Work to be completed
Using the records below, write out again exactly the lines that begin at the line containing "(iota 0 (m - a).+1))" and end at the line containing "pose proof (cross_coef_denom_pos", and no other lines.

(Stored items from a collection)
————————

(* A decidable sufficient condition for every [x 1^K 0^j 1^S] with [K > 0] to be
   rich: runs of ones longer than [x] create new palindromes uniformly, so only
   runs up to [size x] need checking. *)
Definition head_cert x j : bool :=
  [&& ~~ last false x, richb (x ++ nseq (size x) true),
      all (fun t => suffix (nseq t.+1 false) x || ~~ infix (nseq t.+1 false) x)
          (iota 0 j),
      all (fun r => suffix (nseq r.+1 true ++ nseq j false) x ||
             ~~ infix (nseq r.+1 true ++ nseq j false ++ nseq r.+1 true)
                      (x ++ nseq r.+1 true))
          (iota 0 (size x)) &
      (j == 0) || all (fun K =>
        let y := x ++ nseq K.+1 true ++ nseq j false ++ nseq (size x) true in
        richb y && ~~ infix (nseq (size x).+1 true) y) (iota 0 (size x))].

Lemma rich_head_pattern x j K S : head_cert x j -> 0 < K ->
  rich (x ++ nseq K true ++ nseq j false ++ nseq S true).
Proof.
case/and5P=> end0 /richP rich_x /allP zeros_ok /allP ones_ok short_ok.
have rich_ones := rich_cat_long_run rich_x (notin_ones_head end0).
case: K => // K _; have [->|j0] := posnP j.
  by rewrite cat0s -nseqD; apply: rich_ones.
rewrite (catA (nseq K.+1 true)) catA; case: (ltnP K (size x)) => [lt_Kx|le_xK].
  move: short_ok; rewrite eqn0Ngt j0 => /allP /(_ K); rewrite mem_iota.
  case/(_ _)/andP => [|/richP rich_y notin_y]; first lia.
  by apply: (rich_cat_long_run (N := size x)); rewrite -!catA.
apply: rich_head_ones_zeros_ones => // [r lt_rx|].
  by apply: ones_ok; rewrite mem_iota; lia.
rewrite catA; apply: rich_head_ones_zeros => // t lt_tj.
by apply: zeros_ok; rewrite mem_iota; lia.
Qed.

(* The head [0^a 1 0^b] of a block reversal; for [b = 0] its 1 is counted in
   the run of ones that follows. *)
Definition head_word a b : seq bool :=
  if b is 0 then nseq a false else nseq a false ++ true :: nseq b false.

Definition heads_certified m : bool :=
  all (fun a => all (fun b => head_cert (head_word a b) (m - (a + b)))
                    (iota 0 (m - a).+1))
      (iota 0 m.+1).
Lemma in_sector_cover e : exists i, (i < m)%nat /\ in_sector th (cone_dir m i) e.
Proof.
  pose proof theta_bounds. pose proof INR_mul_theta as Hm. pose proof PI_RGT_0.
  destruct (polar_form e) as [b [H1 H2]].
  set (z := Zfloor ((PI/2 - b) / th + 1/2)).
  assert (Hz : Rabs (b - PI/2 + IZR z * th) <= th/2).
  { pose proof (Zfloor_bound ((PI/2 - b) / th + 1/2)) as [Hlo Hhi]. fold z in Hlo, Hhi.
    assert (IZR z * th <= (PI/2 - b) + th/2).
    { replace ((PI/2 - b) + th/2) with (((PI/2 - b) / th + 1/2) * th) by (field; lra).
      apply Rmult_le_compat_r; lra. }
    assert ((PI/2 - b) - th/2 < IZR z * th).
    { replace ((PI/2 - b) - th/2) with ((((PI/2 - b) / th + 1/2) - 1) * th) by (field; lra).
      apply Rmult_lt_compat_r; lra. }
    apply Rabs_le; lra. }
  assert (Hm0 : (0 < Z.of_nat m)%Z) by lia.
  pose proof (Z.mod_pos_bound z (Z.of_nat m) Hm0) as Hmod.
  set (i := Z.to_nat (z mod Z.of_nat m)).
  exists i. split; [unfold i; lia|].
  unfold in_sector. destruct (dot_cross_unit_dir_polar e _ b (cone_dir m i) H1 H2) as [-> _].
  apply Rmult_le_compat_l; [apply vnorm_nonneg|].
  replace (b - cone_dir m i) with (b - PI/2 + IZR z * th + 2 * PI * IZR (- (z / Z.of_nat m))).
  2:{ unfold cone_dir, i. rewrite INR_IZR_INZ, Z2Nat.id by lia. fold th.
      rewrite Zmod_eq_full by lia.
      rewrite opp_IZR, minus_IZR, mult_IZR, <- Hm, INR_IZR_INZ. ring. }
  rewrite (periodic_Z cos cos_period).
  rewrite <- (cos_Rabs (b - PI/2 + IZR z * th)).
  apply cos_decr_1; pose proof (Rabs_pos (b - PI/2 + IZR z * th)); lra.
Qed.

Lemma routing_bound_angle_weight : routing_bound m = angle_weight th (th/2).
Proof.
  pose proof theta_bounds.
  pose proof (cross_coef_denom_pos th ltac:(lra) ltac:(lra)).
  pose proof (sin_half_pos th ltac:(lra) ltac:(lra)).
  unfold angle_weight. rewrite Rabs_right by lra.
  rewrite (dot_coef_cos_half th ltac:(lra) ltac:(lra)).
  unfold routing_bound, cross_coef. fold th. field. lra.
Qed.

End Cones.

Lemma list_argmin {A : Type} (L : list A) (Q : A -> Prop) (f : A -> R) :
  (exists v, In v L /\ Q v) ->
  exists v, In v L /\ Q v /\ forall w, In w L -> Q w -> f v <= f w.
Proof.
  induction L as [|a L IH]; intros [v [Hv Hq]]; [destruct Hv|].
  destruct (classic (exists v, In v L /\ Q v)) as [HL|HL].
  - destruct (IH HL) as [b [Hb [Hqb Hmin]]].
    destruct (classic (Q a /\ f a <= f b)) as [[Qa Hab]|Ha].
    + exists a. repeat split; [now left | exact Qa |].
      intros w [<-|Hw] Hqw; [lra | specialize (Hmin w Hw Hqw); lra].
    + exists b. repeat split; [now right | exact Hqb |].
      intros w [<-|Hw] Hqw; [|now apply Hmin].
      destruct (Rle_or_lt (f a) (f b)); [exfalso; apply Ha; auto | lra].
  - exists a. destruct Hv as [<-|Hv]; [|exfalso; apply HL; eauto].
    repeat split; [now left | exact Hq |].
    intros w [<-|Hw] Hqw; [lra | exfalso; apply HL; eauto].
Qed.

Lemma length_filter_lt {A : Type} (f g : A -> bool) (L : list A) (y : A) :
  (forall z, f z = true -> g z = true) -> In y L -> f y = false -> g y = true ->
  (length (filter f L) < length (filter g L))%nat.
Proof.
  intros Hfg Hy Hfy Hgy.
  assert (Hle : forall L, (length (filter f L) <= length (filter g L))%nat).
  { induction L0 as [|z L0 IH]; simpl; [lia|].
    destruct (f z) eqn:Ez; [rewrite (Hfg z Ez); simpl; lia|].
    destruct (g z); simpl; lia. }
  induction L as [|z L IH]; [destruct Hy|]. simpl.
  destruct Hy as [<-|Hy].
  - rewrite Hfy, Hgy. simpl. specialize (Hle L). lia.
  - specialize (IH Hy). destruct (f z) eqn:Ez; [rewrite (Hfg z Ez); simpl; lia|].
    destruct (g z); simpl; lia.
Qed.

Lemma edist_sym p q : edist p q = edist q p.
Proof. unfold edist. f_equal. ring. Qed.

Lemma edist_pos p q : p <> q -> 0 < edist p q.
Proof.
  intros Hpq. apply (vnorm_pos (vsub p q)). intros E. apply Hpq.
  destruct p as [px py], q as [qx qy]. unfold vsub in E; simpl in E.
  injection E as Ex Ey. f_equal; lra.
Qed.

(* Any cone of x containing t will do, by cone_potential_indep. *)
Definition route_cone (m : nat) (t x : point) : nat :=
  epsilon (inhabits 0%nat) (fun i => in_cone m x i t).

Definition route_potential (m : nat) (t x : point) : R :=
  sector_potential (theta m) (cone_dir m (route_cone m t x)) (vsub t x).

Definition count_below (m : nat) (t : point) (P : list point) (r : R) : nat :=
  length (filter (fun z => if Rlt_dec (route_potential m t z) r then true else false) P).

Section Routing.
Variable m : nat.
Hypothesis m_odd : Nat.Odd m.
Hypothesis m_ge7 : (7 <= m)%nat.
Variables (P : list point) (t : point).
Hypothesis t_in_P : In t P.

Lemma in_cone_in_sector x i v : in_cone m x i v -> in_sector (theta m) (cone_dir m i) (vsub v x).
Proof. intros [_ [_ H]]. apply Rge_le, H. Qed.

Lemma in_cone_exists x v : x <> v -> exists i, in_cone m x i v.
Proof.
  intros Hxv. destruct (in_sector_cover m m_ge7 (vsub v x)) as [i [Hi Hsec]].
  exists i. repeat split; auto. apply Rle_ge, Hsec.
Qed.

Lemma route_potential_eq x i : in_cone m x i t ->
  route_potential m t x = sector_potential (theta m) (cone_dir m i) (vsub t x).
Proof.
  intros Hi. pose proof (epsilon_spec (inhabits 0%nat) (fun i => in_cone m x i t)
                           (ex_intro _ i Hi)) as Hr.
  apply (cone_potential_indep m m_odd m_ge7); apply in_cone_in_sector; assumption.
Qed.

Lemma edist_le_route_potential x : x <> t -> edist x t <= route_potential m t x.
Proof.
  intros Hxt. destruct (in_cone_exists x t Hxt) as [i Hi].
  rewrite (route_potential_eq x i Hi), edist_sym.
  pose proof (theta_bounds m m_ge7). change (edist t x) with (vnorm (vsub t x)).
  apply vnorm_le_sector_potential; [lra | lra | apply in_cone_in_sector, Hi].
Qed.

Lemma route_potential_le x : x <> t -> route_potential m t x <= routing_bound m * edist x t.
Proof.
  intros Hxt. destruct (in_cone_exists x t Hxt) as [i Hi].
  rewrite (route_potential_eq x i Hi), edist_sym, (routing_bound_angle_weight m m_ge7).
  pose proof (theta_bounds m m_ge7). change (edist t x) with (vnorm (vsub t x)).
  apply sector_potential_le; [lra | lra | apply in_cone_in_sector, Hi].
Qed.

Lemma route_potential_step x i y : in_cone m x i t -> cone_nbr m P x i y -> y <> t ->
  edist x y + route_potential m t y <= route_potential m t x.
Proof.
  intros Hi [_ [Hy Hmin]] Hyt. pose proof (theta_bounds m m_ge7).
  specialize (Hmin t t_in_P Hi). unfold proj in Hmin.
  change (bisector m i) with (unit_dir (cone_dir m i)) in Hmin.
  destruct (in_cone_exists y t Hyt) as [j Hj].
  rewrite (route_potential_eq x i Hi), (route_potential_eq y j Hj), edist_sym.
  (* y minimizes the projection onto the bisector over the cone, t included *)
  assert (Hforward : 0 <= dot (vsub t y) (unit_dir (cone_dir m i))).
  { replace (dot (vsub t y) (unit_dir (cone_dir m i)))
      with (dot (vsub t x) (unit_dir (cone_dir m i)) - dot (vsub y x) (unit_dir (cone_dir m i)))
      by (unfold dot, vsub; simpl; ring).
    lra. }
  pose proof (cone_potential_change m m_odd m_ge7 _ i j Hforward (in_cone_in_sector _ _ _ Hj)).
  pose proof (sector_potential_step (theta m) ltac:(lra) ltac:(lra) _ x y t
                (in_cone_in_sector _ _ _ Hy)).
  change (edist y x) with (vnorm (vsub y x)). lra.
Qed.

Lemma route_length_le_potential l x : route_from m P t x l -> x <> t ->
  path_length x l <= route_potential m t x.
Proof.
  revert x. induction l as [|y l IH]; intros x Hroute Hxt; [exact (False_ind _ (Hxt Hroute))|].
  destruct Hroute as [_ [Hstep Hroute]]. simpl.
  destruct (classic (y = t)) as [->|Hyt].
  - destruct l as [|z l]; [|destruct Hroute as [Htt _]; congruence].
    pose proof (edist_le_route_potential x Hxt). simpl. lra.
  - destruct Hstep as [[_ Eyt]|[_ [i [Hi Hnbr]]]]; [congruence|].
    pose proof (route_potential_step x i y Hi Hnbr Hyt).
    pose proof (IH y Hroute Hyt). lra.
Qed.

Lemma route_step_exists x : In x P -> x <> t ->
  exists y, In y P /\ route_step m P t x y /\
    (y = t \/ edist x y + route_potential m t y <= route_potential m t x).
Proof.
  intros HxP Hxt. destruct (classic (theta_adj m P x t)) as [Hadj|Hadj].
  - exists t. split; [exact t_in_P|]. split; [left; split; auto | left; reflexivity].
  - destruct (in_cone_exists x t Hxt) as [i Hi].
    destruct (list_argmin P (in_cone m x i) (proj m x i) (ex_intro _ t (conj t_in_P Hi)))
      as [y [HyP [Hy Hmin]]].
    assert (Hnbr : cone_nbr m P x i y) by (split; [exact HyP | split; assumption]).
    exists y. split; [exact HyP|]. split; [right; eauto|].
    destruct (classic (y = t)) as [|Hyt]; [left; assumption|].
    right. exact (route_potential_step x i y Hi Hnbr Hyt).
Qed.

————————

Result for this task
                    (iota 0 (m - a).+1))
      (iota 0 m.+1).
Lemma in_sector_cover e : exists i, (i < m)%nat /\ in_sector th (cone_dir m i) e.
Proof.
  pose proof theta_bounds. pose proof INR_mul_theta as Hm. pose proof PI_RGT_0.
  destruct (polar_form e) as [b [H1 H2]].
  set (z := Zfloor ((PI/2 - b) / th + 1/2)).
  assert (Hz : Rabs (b - PI/2 + IZR z * th) <= th/2).
  { pose proof (Zfloor_bound ((PI/2 - b) / th + 1/2)) as [Hlo Hhi]. fold z in Hlo, Hhi.
    assert (IZR z * th <= (PI/2 - b) + th/2).
    { replace ((PI/2 - b) + th/2) with (((PI/2 - b) / th + 1/2) * th) by (field; lra).
      apply Rmult_le_compat_r; lra. }
    assert ((PI/2 - b) - th/2 < IZR z * th).
    { replace ((PI/2 - b) - th/2) with ((((PI/2 - b) / th + 1/2) - 1) * th) by (field; lra).
      apply Rmult_lt_compat_r; lra. }
    apply Rabs_le; lra. }
  assert (Hm0 : (0 < Z.of_nat m)%Z) by lia.
  pose proof (Z.mod_pos_bound z (Z.of_nat m) Hm0) as Hmod.
  set (i := Z.to_nat (z mod Z.of_nat m)).
  exists i. split; [unfold i; lia|].
  unfold in_sector. destruct (dot_cross_unit_dir_polar e _ b (cone_dir m i) H1 H2) as [-> _].
  apply Rmult_le_compat_l; [apply vnorm_nonneg|].
  replace (b - cone_dir m i) with (b - PI/2 + IZR z * th + 2 * PI * IZR (- (z / Z.of_nat m))).
  2:{ unfold cone_dir, i. rewrite INR_IZR_INZ, Z2Nat.id by lia. fold th.
      rewrite Zmod_eq_full by lia.
      rewrite opp_IZR, minus_IZR, mult_IZR, <- Hm, INR_IZR_INZ. ring. }
  rewrite (periodic_Z cos cos_period).
  rewrite <- (cos_Rabs (b - PI/2 + IZR z * th)).
  apply cos_decr_1; pose proof (Rabs_pos (b - PI/2 + IZR z * th)); lra.
Qed.

Lemma routing_bound_angle_weight : routing_bound m = angle_weight th (th/2).
Proof.
  pose proof theta_bounds.
  pose proof (cross_coef_denom_pos th ltac:(lra) ltac:(lra)).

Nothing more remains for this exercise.